### EXERCISE REQUIREMENTS
When you reach the line containing "exists C : nat" in the entries below, start writing out each line exactly, and stop after the line containing "destruct (classic (exists".

### AVAILABLE DATA
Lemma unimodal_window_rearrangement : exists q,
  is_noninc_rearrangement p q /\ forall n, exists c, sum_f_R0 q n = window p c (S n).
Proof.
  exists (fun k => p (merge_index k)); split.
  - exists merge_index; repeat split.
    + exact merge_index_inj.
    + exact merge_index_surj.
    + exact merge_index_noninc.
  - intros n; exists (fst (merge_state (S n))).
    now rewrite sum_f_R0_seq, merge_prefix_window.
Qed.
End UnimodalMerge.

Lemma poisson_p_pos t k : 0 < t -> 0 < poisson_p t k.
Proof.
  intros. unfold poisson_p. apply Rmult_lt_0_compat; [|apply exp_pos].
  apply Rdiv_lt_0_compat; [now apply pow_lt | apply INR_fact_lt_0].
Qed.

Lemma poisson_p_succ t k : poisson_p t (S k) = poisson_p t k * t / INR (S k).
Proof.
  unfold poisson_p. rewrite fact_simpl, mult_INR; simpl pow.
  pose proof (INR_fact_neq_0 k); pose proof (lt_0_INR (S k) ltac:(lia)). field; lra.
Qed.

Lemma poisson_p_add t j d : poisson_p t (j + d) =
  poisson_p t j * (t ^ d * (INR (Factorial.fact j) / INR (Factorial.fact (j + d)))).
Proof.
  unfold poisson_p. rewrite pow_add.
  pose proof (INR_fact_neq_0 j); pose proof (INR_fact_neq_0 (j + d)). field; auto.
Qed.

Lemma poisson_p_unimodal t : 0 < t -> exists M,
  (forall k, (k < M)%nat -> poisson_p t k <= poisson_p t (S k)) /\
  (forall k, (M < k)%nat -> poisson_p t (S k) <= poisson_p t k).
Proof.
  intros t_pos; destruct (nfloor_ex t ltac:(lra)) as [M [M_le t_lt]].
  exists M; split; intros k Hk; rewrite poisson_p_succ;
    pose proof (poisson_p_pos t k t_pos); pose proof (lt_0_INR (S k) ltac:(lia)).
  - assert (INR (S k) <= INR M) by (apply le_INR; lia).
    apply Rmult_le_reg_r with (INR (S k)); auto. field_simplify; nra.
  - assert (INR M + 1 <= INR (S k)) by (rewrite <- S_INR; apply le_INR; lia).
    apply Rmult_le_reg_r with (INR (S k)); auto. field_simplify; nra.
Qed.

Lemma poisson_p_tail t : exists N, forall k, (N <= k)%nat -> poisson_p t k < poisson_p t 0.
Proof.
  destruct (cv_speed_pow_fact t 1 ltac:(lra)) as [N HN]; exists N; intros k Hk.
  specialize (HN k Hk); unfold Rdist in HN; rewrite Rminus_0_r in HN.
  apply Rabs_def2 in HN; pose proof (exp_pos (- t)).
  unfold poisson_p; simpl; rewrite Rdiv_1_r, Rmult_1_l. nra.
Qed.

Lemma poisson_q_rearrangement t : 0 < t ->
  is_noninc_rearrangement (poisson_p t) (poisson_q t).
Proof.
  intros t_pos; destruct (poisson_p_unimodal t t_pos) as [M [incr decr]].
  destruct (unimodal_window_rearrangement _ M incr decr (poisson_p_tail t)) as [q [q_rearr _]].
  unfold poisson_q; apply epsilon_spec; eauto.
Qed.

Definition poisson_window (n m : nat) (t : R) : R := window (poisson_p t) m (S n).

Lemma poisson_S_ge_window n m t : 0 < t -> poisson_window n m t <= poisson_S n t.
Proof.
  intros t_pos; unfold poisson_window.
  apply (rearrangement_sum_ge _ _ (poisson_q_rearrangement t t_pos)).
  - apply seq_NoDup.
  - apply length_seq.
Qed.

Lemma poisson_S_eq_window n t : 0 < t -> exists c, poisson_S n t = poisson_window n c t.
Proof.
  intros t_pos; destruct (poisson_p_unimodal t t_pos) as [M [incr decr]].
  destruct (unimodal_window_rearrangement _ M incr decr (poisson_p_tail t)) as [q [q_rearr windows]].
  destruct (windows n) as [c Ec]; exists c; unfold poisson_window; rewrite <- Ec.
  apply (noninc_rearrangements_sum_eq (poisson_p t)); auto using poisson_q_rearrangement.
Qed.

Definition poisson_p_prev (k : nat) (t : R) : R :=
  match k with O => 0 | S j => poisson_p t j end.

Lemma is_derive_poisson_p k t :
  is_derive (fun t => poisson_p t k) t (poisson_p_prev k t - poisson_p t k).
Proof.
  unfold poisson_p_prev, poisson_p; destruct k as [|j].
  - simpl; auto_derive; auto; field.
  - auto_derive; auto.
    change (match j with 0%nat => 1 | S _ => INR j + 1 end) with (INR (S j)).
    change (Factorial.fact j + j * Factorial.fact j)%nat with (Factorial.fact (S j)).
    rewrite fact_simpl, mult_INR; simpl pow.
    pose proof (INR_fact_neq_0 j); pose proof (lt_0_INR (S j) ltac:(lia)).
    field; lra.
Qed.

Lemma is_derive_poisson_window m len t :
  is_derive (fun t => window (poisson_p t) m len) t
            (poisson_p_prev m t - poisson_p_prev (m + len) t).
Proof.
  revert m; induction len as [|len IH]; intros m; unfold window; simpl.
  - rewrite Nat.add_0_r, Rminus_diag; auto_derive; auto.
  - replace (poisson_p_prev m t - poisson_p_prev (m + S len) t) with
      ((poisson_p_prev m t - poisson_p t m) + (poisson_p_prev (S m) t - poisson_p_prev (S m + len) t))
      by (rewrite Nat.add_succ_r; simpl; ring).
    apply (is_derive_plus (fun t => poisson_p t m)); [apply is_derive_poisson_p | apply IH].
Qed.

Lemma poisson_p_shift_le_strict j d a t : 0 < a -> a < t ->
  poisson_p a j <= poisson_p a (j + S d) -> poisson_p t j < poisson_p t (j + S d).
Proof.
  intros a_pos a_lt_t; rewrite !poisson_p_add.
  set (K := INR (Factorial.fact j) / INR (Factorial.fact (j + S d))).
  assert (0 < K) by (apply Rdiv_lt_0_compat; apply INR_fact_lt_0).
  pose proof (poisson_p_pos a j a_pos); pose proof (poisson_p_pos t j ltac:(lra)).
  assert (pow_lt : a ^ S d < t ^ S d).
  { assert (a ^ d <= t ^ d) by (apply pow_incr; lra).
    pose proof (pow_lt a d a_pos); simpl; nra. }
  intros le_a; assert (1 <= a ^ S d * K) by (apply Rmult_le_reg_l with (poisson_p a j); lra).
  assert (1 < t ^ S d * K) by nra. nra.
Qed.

--

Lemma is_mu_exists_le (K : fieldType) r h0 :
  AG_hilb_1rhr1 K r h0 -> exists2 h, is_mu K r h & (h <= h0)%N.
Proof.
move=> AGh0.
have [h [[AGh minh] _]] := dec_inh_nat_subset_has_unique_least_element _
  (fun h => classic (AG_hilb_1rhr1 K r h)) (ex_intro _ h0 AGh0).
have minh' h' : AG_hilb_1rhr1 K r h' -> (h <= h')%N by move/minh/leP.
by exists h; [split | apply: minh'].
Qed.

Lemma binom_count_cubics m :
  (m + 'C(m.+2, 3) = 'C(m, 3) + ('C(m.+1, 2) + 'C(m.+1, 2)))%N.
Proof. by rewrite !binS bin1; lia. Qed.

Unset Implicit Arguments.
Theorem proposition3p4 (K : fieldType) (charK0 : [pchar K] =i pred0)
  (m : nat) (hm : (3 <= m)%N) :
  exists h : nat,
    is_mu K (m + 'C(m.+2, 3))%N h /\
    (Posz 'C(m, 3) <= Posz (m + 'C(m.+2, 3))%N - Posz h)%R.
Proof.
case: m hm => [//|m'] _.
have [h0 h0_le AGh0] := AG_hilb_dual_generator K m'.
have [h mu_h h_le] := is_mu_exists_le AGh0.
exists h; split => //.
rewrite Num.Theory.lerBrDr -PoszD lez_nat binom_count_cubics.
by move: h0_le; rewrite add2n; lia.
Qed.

==

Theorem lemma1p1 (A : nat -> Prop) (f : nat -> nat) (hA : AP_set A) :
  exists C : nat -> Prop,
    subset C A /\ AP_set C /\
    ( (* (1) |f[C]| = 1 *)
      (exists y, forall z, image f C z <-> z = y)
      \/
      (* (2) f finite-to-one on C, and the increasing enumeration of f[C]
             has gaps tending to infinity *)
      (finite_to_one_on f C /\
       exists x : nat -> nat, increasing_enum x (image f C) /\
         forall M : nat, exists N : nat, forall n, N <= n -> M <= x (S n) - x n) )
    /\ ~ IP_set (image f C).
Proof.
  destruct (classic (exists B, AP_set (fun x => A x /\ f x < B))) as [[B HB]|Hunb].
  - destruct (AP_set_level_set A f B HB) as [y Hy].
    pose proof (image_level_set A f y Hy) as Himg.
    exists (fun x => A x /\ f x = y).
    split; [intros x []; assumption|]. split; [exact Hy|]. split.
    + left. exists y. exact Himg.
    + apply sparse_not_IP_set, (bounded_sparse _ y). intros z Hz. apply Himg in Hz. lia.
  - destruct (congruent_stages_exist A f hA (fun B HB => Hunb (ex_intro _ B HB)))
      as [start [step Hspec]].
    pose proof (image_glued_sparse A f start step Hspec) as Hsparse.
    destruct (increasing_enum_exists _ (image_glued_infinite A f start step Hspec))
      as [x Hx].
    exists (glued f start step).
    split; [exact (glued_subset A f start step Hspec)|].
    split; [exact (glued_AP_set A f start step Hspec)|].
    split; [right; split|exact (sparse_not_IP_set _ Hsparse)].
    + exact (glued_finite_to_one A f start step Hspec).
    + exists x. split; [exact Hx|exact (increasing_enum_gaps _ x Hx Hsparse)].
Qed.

### RESPONSE
  exists C : nat -> Prop,
    subset C A /\ AP_set C /\
    ( (* (1) |f[C]| = 1 *)
      (exists y, forall z, image f C z <-> z = y)
      \/
      (* (2) f finite-to-one on C, and the increasing enumeration of f[C]
             has gaps tending to infinity *)
      (finite_to_one_on f C /\
       exists x : nat -> nat, increasing_enum x (image f C) /\
         forall M : nat, exists N : nat, forall n, N <= n -> M <= x (S n) - x n) )
    /\ ~ IP_set (image f C).
Proof.
  destruct (classic (exists B, AP_set (fun x => A x /\ f x < B))) as [[B HB]|Hunb].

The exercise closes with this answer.